Zisa (goddess)

Zisa
Other names Cisa
Consort Tyr (according to Jacob Grimm)
Texts Codex Monac circa 1135
Codex Emmeran circa 1135
Ethnic group Germanic paganism

Zisa or Cisa is a goddess in Germanic paganism, the best documented version of which is that of 10th and 11th century Norse religion. Zisa is an etymological double of Tyr or Ziu according to 19th century scholar Jacob Grimm who suggests that Zisa may be the same figure as Tyr's unnamed wife, mentioned by Loki in the 13th century Poetic Edda poem Lokasenna.[1]

Medieval records

Zisa is mentioned in manuscripts from the 12th to 14th centuries which reference a victory against the Roman Empire attributed to the goddess.

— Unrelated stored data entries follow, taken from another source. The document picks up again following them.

(* Let $E$ be an Anderson $t$-module of dimension $d$ over $\mathscr O_L$ and $P\in A$ a monic irreducible polynomial. For all $a\in A\setminus\{0\}$ and all $x\in\mathbb T_z(L_P)^d\setminus\{0\}$, we have $\widetilde E_a(x)\ne0$.
   Context: $\mathbb F_q$ finite field, $A=\mathbb F_q[\theta]$, $K=\mathbb F_q(\theta)$, $L/K$ finite, $\mathscr O_L$ integral closure of $A$ in $L$, $\tau$ the $q$-Frobenius. An Anderson $t$-module of dimension $d$ over $\mathscr O_L$ is an $\mathbb F_q$-algebra homomorphism $E:A\to M_d(\mathscr O_L)\{\tau\}$, $E_a=\sum_iE_{a,i}\tau^i$, with $(E_{a,0}-aI_d)^d=0$ and $\deg_\tau E_\theta>0$. With $z$ an indeterminate fixed by $\tau$, the $z$-twist is $\widetilde E_a=\sum_iE_{a,i}z^i\tau^i$, acting on $d$-tuples. $K_P$ is the $P$-adic completion of $K$, $\mathbb T_z(K_P)$ the Tate algebra in $z$ over $K_P$, and $\mathbb T_z(L_P)=L\otimes_K\mathbb T_z(K_P)$, on which $\tau$ acts by $q$-th powers on $L\otimes K_P$-coefficients and trivially on $z$. *)

From HB Require Import structures.
From mathcomp Require Import all_boot all_order all_algebra all_field.
From mathcomp Require Import fraction.
Set Implicit Arguments. Unset Strict Implicit. Unset Printing Implicit Defensive.
Import Order.TTheory GRing.Theory Num.Theory.
Local Open Scope ring_scope.

(* F = F_q (q = #|F|),  A = {poly F},  K = Frac A = F_q(theta). *)
Notation Kfrac F := {fraction {poly F}}.

Definition embA (F : finFieldType) (L : fieldExtType (Kfrac F)) (a : {poly F}) : L :=
  (tofrac a)%:A.

Definition integral_over_A (F : finFieldType) (L : fieldExtType (Kfrac F)) (x : L) : Prop :=
  exists p : {poly {poly F}}, p \is monic /\ root (map_poly (@embA F L) p) x.

Definition pval (F : finFieldType) (P f : {poly F}) : nat :=
  \max_(m < size f | (P ^+ m %| f)%R) (m : nat).

Definition vclose (KP : fieldType) (v : KP -> int) (N : int) (x y : KP) : Prop :=
  x = y \/ N <= v (x - y).

(* (KP, iota, v) is a P-adic completion of K: v is a discrete valuation on KP
   (values on nonzero elements) extending the P-adic valuation of K through
   iota, K is dense in KP, and KP is complete. *)
Definition is_P_completion (F : finFieldType) (P : {poly F}) (KP : fieldType)
    (iota : {rmorphism Kfrac F -> KP}) (v : KP -> int) : Prop :=
  [/\ (forall x y : KP, x != 0 -> y != 0 -> v (x * y) = v x + v y),
      (forall x y : KP, x != 0 -> y != 0 -> x + y != 0 ->
          Num.min (v x) (v y) <= v (x + y)),
      (forall a : {poly F}, a != 0 -> v (iota (tofrac a)) = (pval P a)%:Z),
      (forall (x : KP) (N : int), exists k : Kfrac F, vclose v N x (iota k))
    & (forall u : nat -> KP,
         (forall N : int, exists M : nat, forall m n : nat,
             (M <= m)%N -> (M <= n)%N -> vclose v N (u m) (u n)) ->
         exists l : KP, forall N : int, exists M : nat, forall n : nat,
             (M <= n)%N -> vclose v N (u n) l)].

(* ---- Anderson t-modules ----
   E a is the list of coefficients [E_{a,0}; E_{a,1}; ...] of the tau-polynomial
   E_a = sum_i E_{a,i} tau^i in M_d(L){tau}. *)
Definition Ecoef (F : finFieldType) (L : fieldExtType (Kfrac F)) (d : nat)
    (E : {poly F} -> seq 'M[L]_d) (a : {poly F}) (i : nat) : 'M[L]_d :=
  nth 0 (E a) i.

(* B^{(q^i)}: entrywise q^i-th power (tau^i B = B^{(q^i)} tau^i). *)
Definition frob_mx (F : finFieldType) (L : fieldExtType (Kfrac F)) (d : nat)
    (i : nat) (B : 'M[L]_d) : 'M[L]_d :=
  map_mx (fun x => x ^+ (#|F| ^ i)%N) B.

Definition is_Anderson_t_module (F : finFieldType) (L : fieldExtType (Kfrac F))
    (d : nat) (E : {poly F} -> seq 'M[L]_d) : Prop :=
  [/\
      (forall a i r s, integral_over_A ((Ecoef E a i) r s)),
      (forall (c : F) (a b : {poly F}) i,
          Ecoef E (c *: a + b) i = embA L c%:P *: Ecoef E a i + Ecoef E b i),
      (forall i, Ecoef E 1 i = if i == 0%N then 1 else 0),
      (* multiplicativity in the skew ring M_d(L){tau} *)
      (forall a b k, Ecoef E (a * b) k =
          \sum_(i < k.+1) Ecoef E a i *m frob_mx i (Ecoef E b (k - i)%N))
    &
      ((forall a, (Ecoef E a 0 - (embA L a)%:M) ^+ d = 0)
       /\ (exists i, (0 < i)%N /\ Ecoef E 'X i != 0))].

(* ---- L_P = L (x)_K K_P, in coordinates w.r.t. the K-basis bL of L ---- *)
Definition nL (F : finFieldType) (L : fieldExtType (Kfrac F)) : nat :=
  \dim (fullv : {vspace L}).
Definition bL (F : finFieldType) (L : fieldExtType (Kfrac F)) : (nL L).-tuple L :=
  vbasis (fullv : {vspace L}).

(* an element sum_i bL_i (x) u_i of L (x)_K KP is the row (u_i)_i *)
Definition LPt (F : finFieldType) (L : fieldExtType (Kfrac F)) (KP : fieldType) :=
  'rV[KP]_(nL L).

(* l |-> l (x) 1 *)
Definition inLP (F : finFieldType) (L : fieldExtType (Kfrac F)) (KP : fieldType)
    (iota : {rmorphism Kfrac F -> KP}) (l : L) : LPt L KP :=
  \row_i iota (coord (bL L) i l).

(* multiplication of L (x)_K KP, via structure constants of L over K *)
Definition mulLP (F : finFieldType) (L : fieldExtType (Kfrac F)) (KP : fieldType)
    (iota : {rmorphism Kfrac F -> KP}) (u w : LPt L KP) : LPt L KP :=
  \row_k \sum_(i < nL L) \sum_(j < nL L)
     iota (coord (bL L) k (tnth (bL L) i * tnth (bL L) j)) * (u 0 i * w 0 j).

(* tau on L (x)_K KP : q-th power *)
Definition tauLP (F : finFieldType) (L : fieldExtType (Kfrac F)) (KP : fieldType)
    (iota : {rmorphism Kfrac F -> KP}) (u : LPt L KP) : LPt L KP :=
  iter #|F| (mulLP iota u) (inLP iota 1).

(* An element of T_z(L_P) = L (x)_K T_z(K_P) is a power series
   sum_n x n z^n with coefficients x n in L (x)_K KP whose coordinates tend
   to 0 P-adically. *)
Definition is_Tate (F : finFieldType) (L : fieldExtType (Kfrac F)) (KP : fieldType)
    (v : KP -> int) (x : nat -> LPt L KP) : Prop :=
  forall (j : 'I_(nL L)) (N : int), exists M : nat, forall n : nat,
    (M <= n)%N -> vclose v N ((x n) 0 j) 0.

(* z-twist: (E~_a x)_r = sum_i sum_s E_{a,i}[r,s] z^i tau^i (x_s);
   coefficient of z^n of the r-th component. *)
Definition Etwist (F : finFieldType) (L : fieldExtType (Kfrac F)) (KP : fieldType)
    (iota : {rmorphism Kfrac F -> KP}) (d : nat) (E : {poly F} -> seq 'M[L]_d)
    (a : {poly F}) (x : 'I_d -> nat -> LPt L KP) (r : 'I_d) (n : nat) : LPt L KP :=
  \sum_(i < n.+1) \sum_(s < d)
     mulLP iota (inLP iota (Ecoef E a i r s)) (iter i (tauLP iota) (x s (n - i)%N)).

From HB Require Import structures.
From mathcomp Require Import all_boot all_order all_algebra all_field.
From mathcomp Require Import fraction ring.
Import Order.TTheory GRing.Theory Num.Theory.
Local Open Scope ring_scope.

Set Implicit Arguments.
Unset Strict Implicit.
Unset Printing Implicit Defensive.

(* The constant term E_{a,0} of the z-twist is a + (nilpotent), hence invertible
   for a <> 0, whereas every other term of E~_a raises the z-degree. So E~_a
   maps the lowest nonzero z-coefficient of x to E_{a,0} applied to it, which
   is nonzero. *)

Lemma unitmx_nilpotent_shift (R : comUnitRingType) n k (M : 'M[R]_n.+1) c :
  (M - c%:M) ^+ k = 0 -> c \is a GRing.unit -> M \in unitmx.
Proof.
move=> nilpotent_shift c_unit.
set T := - c^-1 *: (M - c%:M).
have geometric_sum : (T - 1) * \sum_(i < k) T ^+ i = -1.
  by rewrite -subrX1 /T exprZn nilpotent_shift scaler0 sub0r.
have M_T : M = - c *: (T - 1).
  rewrite /T scalerBr scalerA mulrN mulNr opprK mulrV // scale1r.
  by rewrite scaleNr opprK -scalemx1 subrK.
have [] := @mulmx1_unit _ _ M (c^-1 *: \sum_(i < k) T ^+ i) => //.
rewrite mulmxE -scalerAr {1}M_T -scalerAl geometric_sum scalerA.
by rewrite mulrN mulVr // scaleN1r opprK.
Qed.

Section TensorCoordinates.
Variables (F : finFieldType) (L : fieldExtType {fraction {poly F}}).
Variables (KP : fieldType) (iota : {rmorphism {fraction {poly F}} -> KP}).

Lemma embA_eq0 (a : {poly F}) : (embA L a == 0) = (a == 0).
Proof. by rewrite /embA scaler_eq0 oner_eq0 orbF tofrac_eq0. Qed.

Lemma bL_coordE (l : L) :
  l = \sum_(i < nL L) coord (bL L) i l *: tnth (bL L) i.
Proof.
rewrite {1}(coord_vbasis (memvf l)); apply: eq_bigr => i _.
by rewrite (tnth_nth 0).
Qed.

(* Coordinates are row vectors, so left multiplication by [l] acts on the
   right and [lmul_coord_mx] reverses products. *)
Definition lmul_coord_mx (l : L) : 'M[{fraction {poly F}}]_(nL L) :=
  \matrix_(j, k) coord (bL L) k (l * tnth (bL L) j).

Lemma lmul_coord_mx_is_zmod_morphism : zmod_morphism lmul_coord_mx.
Proof. by move=> l l'; apply/matrixP => j k; rewrite !mxE mulrBl linearB. Qed.

HB.instance Definition _ := GRing.isZmodMorphism.Build L _ lmul_coord_mx
  lmul_coord_mx_is_zmod_morphism.

Lemma lmul_coord_mxM (l l' : L) :
  lmul_coord_mx (l * l') = lmul_coord_mx l' *m lmul_coord_mx l.
Proof.
apply/matrixP => j k; rewrite !mxE -mulrA.
rewrite {1}(bL_coordE (l' * tnth (bL L) j)) mulr_sumr linear_sum.
by apply: eq_bigr => m _; rewrite !mxE -scalerAr linearZ.
Qed.

Lemma lmul_coord_mx1 : lmul_coord_mx 1 = 1%:M.
Proof.
apply/matrixP => j k; rewrite !mxE mul1r (tnth_nth 0) coord_free //.
exact: basis_free (vbasisP _).
Qed.

Definition lmulLP (l : L) : 'M[KP]_(nL L) := map_mx iota (lmul_coord_mx l).

Lemma lmulLP_is_zmod_morphism : zmod_morphism lmulLP.
Proof. by move=> l l'; rewrite /lmulLP !raddfB. Qed.

HB.instance Definition _ := GRing.isZmodMorphism.Build L _ lmulLP
  lmulLP_is_zmod_morphism.

Lemma lmulLPM (l l' : L) : lmulLP (l * l') = lmulLP l' *m lmulLP l.
Proof. by rewrite /lmulLP lmul_coord_mxM map_mxM. Qed.

Lemma lmulLP1 : lmulLP 1 = 1%:M.
Proof. by rewrite /lmulLP lmul_coord_mx1 map_mx1. Qed.

Lemma mulLP_inLP (l : L) (u : LPt L KP) :
  mulLP iota (inLP iota l) u = u *m lmulLP l.
Proof.
apply/rowP => k; rewrite !mxE exchange_big /=; apply: eq_bigr => j _.
rewrite !mxE; have -> : l * tnth (bL L) j =
    \sum_(i < nL L) coord (bL L) i l *: (tnth (bL L) i * tnth (bL L) j).
  rewrite {1}(bL_coordE l) mulr_suml.
  by apply: eq_bigr => i _; rewrite scalerAl.
rewrite linear_sum rmorph_sum mulr_sumr; apply: eq_bigr => i _.
by rewrite linearZ /= rmorphM /= !mxE; ring.
Qed.

Lemma mul0LP (u : LPt L KP) : mulLP iota 0 u = 0.
Proof.
apply/rowP => k; rewrite !mxE big1 // => i _.
by rewrite big1 // => j _; rewrite mxE mul0r mulr0.
Qed.

Lemma iter_tauLP0 m : iter m (tauLP iota) 0 = 0 :> LPt L KP.
Proof.
have tauLP0 : tauLP iota 0 = 0 :> LPt L KP.
  have : (0 < #|F|)%N by apply/card_gt0P; exists 0.
  by rewrite /tauLP; case: #|F| => // q _; rewrite iterS mul0LP.
by elim: m => //= m ->.
Qed.

Definition actLP d (M : 'M[L]_d) (u : 'I_d -> LPt L KP) (r : 'I_d) : LPt L KP :=
  \sum_(s < d) u s *m lmulLP (M r s).

Lemma actLP_mul d (A B : 'M[L]_d) u r :
  actLP (A *m B) u r = actLP A (actLP B u) r.
Proof.
rewrite /actLP; under [RHS]eq_bigr => t _ do rewrite mulmx_suml.
rewrite exchange_big /=; apply: eq_bigr => s _.
rewrite mxE raddf_sum mulmx_sumr; apply: eq_bigr => t _.
by rewrite -mulmxA -lmulLPM.
Qed.

Lemma actLP1 d u r : actLP (1%:M : 'M[L]_d) u r = u r.
Proof.
rewrite /actLP (bigD1 r) //= big1 ?addr0 => [|s /negbTE s_r].
  by rewrite mxE eqxx lmulLP1 mulmx1.
by rewrite mxE eq_sym s_r raddf0 mulmx0.
Qed.

Lemma actLP_unit_eq0 d (M : 'M[L]_d) u :
  M \in unitmx -> (forall r, actLP M u r = 0) -> forall s, u s = 0.
Proof.
move=> M_unit Mu0 s; rewrite -actLP1 -(mulVmx M_unit) actLP_mul {1}/actLP.
by rewrite big1 // => t _; rewrite Mu0 mul0mx.
Qed.

Lemma Etwist_lowest_coef d (E : {poly F} -> seq 'M[L]_d) a x n :
  (forall s m, (m < n)%N -> x s m = 0) ->
  forall r, Etwist iota E a x r n = actLP (Ecoef E a 0) (x^~ n) r.
Proof.
move=> x_lt r; rewrite /Etwist big_ord_recl [X in _ + X]big1 ?addr0 => [|i _].
  by apply: eq_bigr => s _; rewrite subn0 mulLP_inLP.
apply: big1 => s _; rewrite x_lt ?iter_tauLP0 ?mulLP_inLP ?mul0mx //.
by rewrite ltn_subrL /= (leq_ltn_trans (leq0n i) (ltn_ord i)).
Qed.

End TensorCoordinates.

Theorem mainTheorem20 (F : finFieldType) (L : fieldExtType {fraction {poly F}})
    (d : nat) (E : {poly F} -> seq 'M[L]_d)
    (P : {poly F}) (KP : fieldType) (iota : {rmorphism {fraction {poly F}} -> KP})
    (v : KP -> int) :
  is_Anderson_t_module E ->
  P \is monic -> irreducible_poly P ->
  is_P_completion P iota v ->
  forall a : {poly F}, a != 0 ->
  forall x : 'I_d -> nat -> LPt L KP,
    (forall s, is_Tate v (x s)) ->
    (exists s n, x s n != 0) ->
    exists r n, Etwist iota E a x r n != 0.
Proof.
move=> [_ _ _ _ [E_nilpotent _]] _ _ _ a a_neq0 x _ [s0 [n0 x_s0_n0]].
move: E x E_nilpotent s0 x_s0_n0; case: d => [|d] E x E_nilpotent s0 x_s0_n0.
  by case: s0 x_s0_n0.
have E0_unit : Ecoef E a 0 \in unitmx.
  by rewrite (unitmx_nilpotent_shift (E_nilpotent a)) // unitfE embA_eq0.
have x_neq0 : exists n, [exists s, x s n != 0].
  by exists n0; apply/existsP; exists s0.
have [n /existsP[s x_s_n] n_min] := ex_minnP x_neq0.
have x_lt s' m : (m < n)%N -> x s' m = 0.
  apply: contraTeq => x_s'_m; rewrite -leqNgt.
  by apply: n_min; apply/existsP; exists s'.
have [/existsP[r Ex_r] | /existsPn Ex0] :=
  boolP [exists r, Etwist iota E a x r n != 0]; first by exists r, n.
case/eqP: x_s_n.
apply: (actLP_unit_eq0 (iota := iota) (u := x^~ n) E0_unit) => r.
by rewrite -Etwist_lowest_coef //; apply/eqP/negbNE/Ex0.
Qed.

The anniversary of this victory was celebrated on the festival day of September 28 and involved games and merrymaking.[1]

Scholar Stephan Grundy, and authors Nigel Pennick and Prudence Jones,reference two Medieval manuscripts which mention Zisa, Codex Monac circa 1135 and Codex Emmeran circa 1135, along with a corroborating third source, Melchior Goldast's Suevicarum rerum scriptores.[2] These three are based on a first-century BCE record of a Swabian military victory over Roman forces. The record mentions a city where the inhabitants worshipped Zisa "with extreme reverence". Pennick identifies this city as ancient Augsburg, and further identifies the depiction of the red-dressed woman in the Golden Hall of the Augsburg Town Hall as one of Zisa.[3]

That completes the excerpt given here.